The Fantastic Four: First Steps



The best use yet of the multiverse crutch that big screen Marvel has deployed to prop up waning interest in their main timeline, director Matt Shakman's The Fantastic Four: First Steps could, perhaps, be understood as a period piece - one firmly located in the 1960s, the decade in which Jack Kirby and Stan Lee's creation was first published. There are deeper wrinkles to this kind of framing though. Most obviously, there exists technology completely out of step with even our current reality: faster than light space travel (tuned in such a way that it handily avoids any issues associated with time dilation), sentient robot friends that run on massive cassette tapes, and transforming vehicles that defy gravity. The alternative twentieth century of First Steps diverts from our own in seismic, socio-political ways as well. This version of retro-futurism skews utopian with, seemingly, very little poverty or racism in evidence. The Cold War appears especially cool as well, with all countries happy to work together when global threats rear their head. The entire planet, apparently, having united under the flag of Mister Fantastic's Future Foundation then.

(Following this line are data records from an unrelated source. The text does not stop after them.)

(* Let $p,q$ be distinct positive integers and $n\ge 1$. For every state $x=(x_1,\dots,x_n)\in\{p,q\}^n$, every sequence $s=(s_1,\dots,s_m)$ of elements of $\{p,q\}$ with $m\ge 1$, and every $k\in\{1,\dots,m\}$, $$RLD^{p,q}_n(x, s_{1:m}) = RLD^{p,q}_n(x, s_{1:k}) \circ RLD^{p,q}_n\big(A^{p,q}_n(x, s_{1:k}), s_{k+1:m}\big),$$ where $\circ$ denotes concatenation of finite sequences, $s_{i:j}=(s_i,\dots,s_j)$, and $s_{k+1:m}$ is the empty sequence when $k=m$.
   Context: Let $p,q$ be distinct positive integers. Define $\mathrm{Opp}(p)=q$, $\mathrm{Opp}(q)=p$. For $x\in\{p,q\}$ and a finite sequence $s=(s_1,\dots,s_m)$ of positive integers, the run-length decoding $RLD^{p,q}(x,s)$ is the sequence over $\{p,q\}$ consisting of $s_1$ copies of $x$, followed by $s_2$ copies of $\mathrm{Opp}(x)$, followed by $s_3$ copies of $x$, and so on alternately (so it begins with $x$ and has run lengths $s_1,\dots,s_m$); the decoding of the empty sequence is empty. For $n\ge1$ and $x=(x_1,\dots,x_n)\in\{p,q\}^n$, the $n$-iterated decoding is defined by $RLD^{p,q}_1(x_1,s)=RLD^{p,q}(x_1,s)$ and $RLD^{p,q}_n(x_{1:n},s)=RLD^{p,q}(x_n, RLD^{p,q}_{n-1}(x_{1:n-1},s))$. For a nonempty sequence $t$ over $\{p,q\}$, $\mathrm{OppEnd}(t)=\mathrm{Opp}(\text{last entry of } t)$. The automaton $A^{p,q}_n$ has state set $\{p,q\}^n$; for a state $x$ and a nonempty finite sequence $s$ over $\{p,q\}$, $A^{p,q}_n(x,s)\in\{p,q\}^n$ is the state whose $i$-th coordinate is $\mathrm{OppEnd}(RLD^{p,q}_i(x_{1:i},s))$ for $i=1,\dots,n$. *)

From mathcomp Require Import all_boot.
Set Implicit Arguments. Unset Strict Implicit. Unset Printing Implicit Defensive.

(* Opp over the alphabet {p,q} (values outside are sent to p; never used). *)
Definition Opp (p q x : nat) : nat := if x == p then q else p.

Fixpoint RLD (p q x : nat) (s : seq nat) : seq nat :=
  match s with
  | [::] => [::]
  | a :: s' => nseq a x ++ RLD p q (Opp p q x) s'
  end.

(* n-iterated decoding: RLD_n(x_{1:n}, s) = RLD(x_n, RLD_{n-1}(x_{1:n-1}, s)),
   with xs = [:: x_1; ...; x_n]; RLD_1(x_1,s) = RLD(x_1,s). *)
Definition RLDn (p q : nat) (xs s : seq nat) : seq nat :=
  foldl (fun t xi => RLD p q xi t) s xs.

(* OppEnd(t) = Opp(last entry of t), meaningful for nonempty t. *)
Definition OppEnd (p q : nat) (t : seq nat) : nat := Opp p q (last 0 t).

(* A_n^{p,q}(x, s): i-th coordinate is OppEnd(RLD_i(x_{1:i}, s)), i = 1..n. *)
Definition Aut (p q : nat) (x s : seq nat) : seq nat :=
  mkseq (fun i => OppEnd p q (RLDn p q (take i.+1 x) s)) (size x).

From mathcomp Require Import all_boot.

(* Decoding a ++ b decodes b from the symbol iter (size a) Opp x.  If the last
   run length of a is positive, that symbol is OppEnd of the decoding of a, and
   for positive letters this decoding again ends with a positive run, so the
   splitting propagates through every level of the iterated decoding. *)

Section Decoding.
Variables p q : nat.

Lemma RLD_cat x a b :
  RLD p q x (a ++ b) = RLD p q x a ++ RLD p q (iter (size a) (Opp p q) x) b.
Proof.
elim: a x => [|c a IHa] x //=.
by rewrite IHa catA -iterSr.
Qed.

Lemma last_RLD_rcons y x a c : 0 < c ->
  last y (RLD p q x (rcons a c)) = iter (size a) (Opp p q) x.
Proof.
rewrite -cats1 RLD_cat /= cats0 last_cat.
by case: c => // c _ /=; elim: c.
Qed.

Lemma OppEnd_RLD x a : 0 < last 0 a ->
  OppEnd p q (RLD p q x a) = iter (size a) (Opp p q) x.
Proof.
case/lastP: a => [|a c] //; rewrite last_rcons => c_gt0.
by rewrite /OppEnd last_RLD_rcons // size_rcons iterS.
Qed.

Lemma Aut_cons x xs a :
  Aut p q (x :: xs) a = OppEnd p q (RLD p q x a) :: Aut p q xs (RLD p q x a).
Proof.
rewrite /Aut /mkseq /= take0 -[1]addn0 iotaDl -map_comp.
by congr (_ :: map _ _).
Qed.

Hypotheses (p_gt0 : 0 < p) (q_gt0 : 0 < q).

Lemma iter_Opp_gt0 n x : 0 < x -> 0 < iter n (Opp p q) x.
Proof. by case: n => //= n _; rewrite /Opp; case: ifP. Qed.

Lemma last_RLD_gt0 x a : 0 < x -> 0 < last 0 a -> 0 < last 0 (RLD p q x a).
Proof.
case/lastP: a => [|a c] //; rewrite last_rcons => x_gt0 c_gt0.
by rewrite last_RLD_rcons // iter_Opp_gt0.
Qed.

Lemma RLDn_cat xs a b : all (leq 1) xs -> 0 < last 0 a ->
  RLDn p q xs (a ++ b) = RLDn p q xs a ++ RLDn p q (Aut p q xs a) b.
Proof.
elim: xs a b => [|x xs IHxs] a b // /andP [x_gt0 xs_gt0] a_last_gt0.
rewrite Aut_cons /RLDn /= -!/(RLDn p q xs _) RLD_cat -OppEnd_RLD //.
by rewrite IHxs // last_RLD_gt0.
Qed.

End Decoding.

Theorem proposition1 (p q n : nat) (x s : seq nat) (k : nat) :
  0 < p -> 0 < q -> p != q -> 1 <= n ->
  size x = n -> all (fun y => (y == p) || (y == q)) x ->
  1 <= size s -> all (fun y => (y == p) || (y == q)) s ->
  1 <= k <= size s ->
  RLDn p q x s =
    RLDn p q x (take k s) ++ RLDn p q (Aut p q x (take k s)) (drop k s).
Proof.
move=> p_gt0 q_gt0 _ _ _ x_pq _ s_pq /andP [k_gt0 k_le].
have pq_gt0 t : all (fun y => (y == p) || (y == q)) t -> all (leq 1) t.
  by move/allP=> t_pq; apply/allP=> y /t_pq /orP [] /eqP ->.
have last_take_gt0 : 0 < last 0 (take k s).
  have : size (take k s) != 0.
    by rewrite size_take_min -lt0n leq_min k_gt0 (leq_trans k_gt0).
  case/lastP E: (take k s) => [|t c] //= _; rewrite last_rcons.
  have /allP -> // := pq_gt0 _ s_pq.
  by rewrite -(cat_take_drop k s) E mem_cat mem_rcons mem_head.
by rewrite -RLDn_cat ?cat_take_drop ?pq_gt0.
Qed.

Nobody even smokes. 

Typically, these kind of corrections in blockbuster entertainment reek of bowdlerisation, with the past - no matter how turbulent - transformed into the equivalent of an amusement park attraction; scenery that allows the props and wardrobe departments licence to play around with otherwise untouchable aesthetics. In Shakman's film though this unabashed idealism, for an America that has never existed, plays well specifically because First Steps' closest Marvel stablemates are so mired in the circuitous machinations required to account for dozens of characters and prior instalments. This fresh break allows the film a science fiction-presenting identity of its own, an advantage not often available in these increasingly complicated phases. In comic terms, First Steps then is the miniseries printed on glossy paper to the main continuity's well-thumbed ballast. The film also displays atypical gender roles - that extend beyond Shalla-Bal (rather than Norrin Radd) hanging ten - that feel rooted in the wider work of The Fantastic Four co-creator Jack Kirby, if not specifically the writer-illustrator's original run with these characters. So, Pedro Pascal's Reed Richards is less forthright and more absentminded than expected while Vanessa Kirby's Sue Storm is positioned as the better leader in peacetime before proving herself to be a great physical threat when the group finds themselves battling a cosmic juggernaut. 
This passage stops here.